Classification of Network Elements - Active, Passive, Linear & Non-linear

An element is the basic building block of an electrical network or circuit. An electrical network is an interconnection of different electrical elements, components, input signals, and output signals. All these elements are connected by wires forming a closed path to flow the current. In this article let us see the classification of electrical network elements with examples.

Classification of Network Elements :

Based on the behavior and characteristics electric network elements are classified as,
  • Active and Passive Elements
  • Linear and Non-linear Elements
  • Unilateral and Bilateral Elements
  • Lumped and Distributed Elements.

Classification of Network Elements

Active Elements :

The active elements are one which supplies energy or having capable of generating energy. Active elements are also known as energy sources. Energy sources (voltage sources or current sources), battery, alternator or dc generator, transistor, diode (with negative differential resistance), LED, photodiode, and SCR are some examples of active elements.

A source that produces a potential difference across its terminal is called a voltage source. A voltage source that maintains constant potential difference and is independent of the current drawn is called Ideal Voltage Source. An ideal voltage source has zero internal resistance. However, in practice, it is difficult to have an ideal voltage source.

A current source delivers current in a circuit of a given magnitude which is independent of potential difference or voltage developed across its terminals. Similar to an ideal voltage source, an ideal current source delivers constant current irrespective of the voltage and other circuit parameters. An ideal current source has infinite internal resistance.

A discharging battery supply continues energy in a circuit for a long period. Thus battery is considered an active element. Since a transistor can be used for amplifying a signal. A transistor is also considered an active element. Generally, diodes are passive components, but a diode with negative differential resistance can be used to amplify the signal which in turn makes them an active element.

Passive Elements :

The elements which can either store or dissipates energy are called Passive Elements. Unlike active element, passive elements do not generate energy or provide amplification rather they consume energy and stores it in the form of electrostatic or electromagnetic fields or dissipates it in the form of heat. Some examples of passive elements are resistors, inductors, capacitors, transformers, diodes, etc.

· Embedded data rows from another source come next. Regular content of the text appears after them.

(* Let $n\ge 2$, $b>0$, and let $p_0,\dots,p_{n-2}$ be complex-valued, $C^\infty$, $b$-periodic functions on $\mathbb{R}$; let $\mathcal{L}u := u^{(n)}+\sum_{k=0}^{n-2}p_k(x)u^{(k)}$. Consider the multipoint eigenvalue problem $$\mathcal{L}u=\lambda u,\qquad u(0)=u(b)=u(2b)=\cdots=u((n-1)b)=0 .$$ Let $\mu$ be an eigenvalue of this problem (i.e. it has a nontrivial solution for $\lambda=\mu$) and let $\mathcal{D}_\mu$ be the vector space of its solutions for $\lambda=\mu$ (the eigenspace). Then $\mathcal{D}_\mu$ has a basis consisting of Floquet solutions (pure, i.e. of rank $1$, and possibly generalized, i.e. of rank $\ge 2$) of $\mathcal{L}u=\mu u$. Moreover, if a Floquet solution $\psi^l$ of rank $l\ge 2$ associated to a multiplier $r$ belongs to $\mathcal{D}_\mu$, then the Floquet solution $\psi^{l-1}$ of rank $l-1$ associated to $r$ for which $\psi^l(x+b)=r\psi^l(x)+\psi^{l-1}(x)$ for all $x$ also belongs to $\mathcal{D}_\mu$.
   Context: Floquet solutions (for fixed $\lambda$): a nontrivial solution $u^1$ of $\mathcal{L}u=\lambda u$ with $u^1(x+b)=r\,u^1(x)$ for all $x\in\mathbb{R}$ is a (pure) Floquet solution of rank $1$ associated to the multiplier $r$. For $l\ge 2$, a solution $u^l$ of $\mathcal{L}u=\lambda u$ is a (generalized) Floquet solution of rank $l$ associated to $r$ if there is a Floquet solution $u^{l-1}$ of rank $l-1$ associated to $r$ such that $u^l(x+b)=r\,u^l(x)+u^{l-1}(x)$ for all $x\in\mathbb{R}$. The multipliers $r$ are the eigenvalues of the map $f(x)\mapsto f(x+b)$ on the $n$-dimensional solution space of $\mathcal{L}u=\lambda u$. *)

From Stdlib Require Import Reals.
From Coquelicot Require Import Coquelicot.
Open Scope R_scope.
(* The ground set [N] = {1..N} is modelled by 'I_N.
   A labelled partition is a pair (P, L) where P is a set partition of 'I_N
   (a set of nonempty pairwise-disjoint blocks covering 'I_N) and
   L assigns to each block a label in 'I_k; the label with value 0 stands
   for the paper's label 1, and value i (0 < i < k) for label i+1.
   L is normalised to 0 outside P so that it is determined by its values
   on the blocks. *)
Definition labelled_partition (N k r m : nat)
  (PL : {set {set 'I_N}} * {ffun {set 'I_N} -> 'I_k}) : bool :=
  let P := PL.1 in let L := PL.2 in
  [&& partition P [set: 'I_N],
      [forall B in P, #|B| <= m],
      #|P| == r + k - 1,
      [forall B, (B \notin P) ==> (val (L B) == 0)],
      #|[set B in P | val (L B) == 0]| == r &
      [forall i : 'I_k, (0 < val i) ==> (#|[set B in P | L B == i]| == 1)]].

Definition Sle (m N k r : nat) : nat :=
  #|[set PL | @labelled_partition N k r m PL]|.

From mathcomp Require Import all_boot zify.

(* Double counting. Deleting a block B labelled 1 from a labelled partition
   of [n] leaves a labelled partition of [n] \ B with one block labelled 1
   fewer; deleting a block with a label i > 1 leaves one in which label i is
   unused, and renumbering the labels above i leaves k - 1 labels. Counting
   the pairs (partition, block labelled 1) gives the first identity; summing
   the block sizes, which add up to n, over all blocks gives the second. The
   number of labelled partitions of [n] \ B depends only on n - |B|, which
   produces the binomial coefficients. Both deletions stay within one family
   of counts once the ground set is an arbitrary finite set and each label i
   is required on an arbitrary number c i of blocks. *)

Set Implicit Arguments.
Unset Strict Implicit.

A resistor is used to limit the current flowing in a circuit or can also be used as a voltage divider. It converts the current flowing through it into heat. A transformer converts a voltage from one level to another level but the power remains the same on both the primary and secondary sides.

An inductor stores energy in the form of an electromagnetic field whereas a capacitor stores energy in the form of an electrostatic field. Both the inductor and capacitor observe and stores energy which is limited and transient. Since no energy is being generated and amplified in the resistor, inductor, capacitor, and transformer they are considered as the passive elements.

Unilateral Elements :

The circuit elements whose characteristics change with a change in direction of current flowing through it are called Unilateral Elements. A unilateral element allows current only in one direction. If the direction of the current changes, either it opposes the current flow or there will be a change in its behavior. The impedance of unilateral elements varies with variations in the flow of current.

A diode and transistor are examples of unilateral elements. We know that a diode conducts only in forward-bias condition i.e. when P-side is at a higher potential than the N-side. During the reverse bias state, a diode acts as an open circuit.

Bilateral Elements :

A bilateral element is one whose characteristics or behavior remain same in both directions of current flow i.e., even if the direction of current changes V-I characteristics of the element remain same. A bilateral element allows current through it in both directions. The resistance/impedance of bilateral elements remains same in both directions of current flow. Some examples of bilateral elements are resistors, inductors, capacitors, TRAIC, etc.

A resistor is a bilateral element because it allows current in both directions. The value of current and voltage across the resistor remains same even if the direction of the current changes.

Similarly, there is no specific terminal for an inductor and capacitor, the properties remain same even when the direction of the current changes. A TRAIC is also considered a bilateral device since it conducts current in either direction when triggered.

Linear Elements :

Linear elements are those whose value doesn't change with current or voltage. The V-I characteristics of linear elements will be a straight line and always passes through the origin. Linear elements obey the law of superposition and homogeneity. They obey the properties of Ohm's law. Some examples of linear elements are resistance, inductor, and capacitor.

When the current through the resistor is doubled, the voltage across it will be doubled but the value of resistance will be constant. Similarly, the capacitor value remains constant when voltage is applied to store the charge. Inductors with ceramic, ferrite, and air core have linear properties.

Non-linear Elements :

The circuit elements whose value varies with respect to current and voltage (i.e., circuit parameters doesn't remain constant) is called Non-Linear Element. The current flowing and voltage across these elements have a non-linear relationship.

Non-linear elements do not satisfy homogeneity and superposition laws. The plot between the voltage and current of non-linear elements will not be a straight line like linear elements. Some examples of non-linear elements are diodes, transistors, saturated iron core inductors and transformers, modulators, etc.

Lumped Elements :

The network elements which are concentrated in one place or located at a small place in the circuit are called Lumped Elements. Lumped elements can be separable in the network. The resistance, inductance, and capacitance connected in any electrical circuit can be said as lumped elements.

Distributed Elements :

The elements which are distributed throughout the network instead of concentrating in one place are called Distributed Elements. Distributed elements cannot be separable in the network. The resistance, inductance, and capacitance of a transmission line are examples of distributed elements.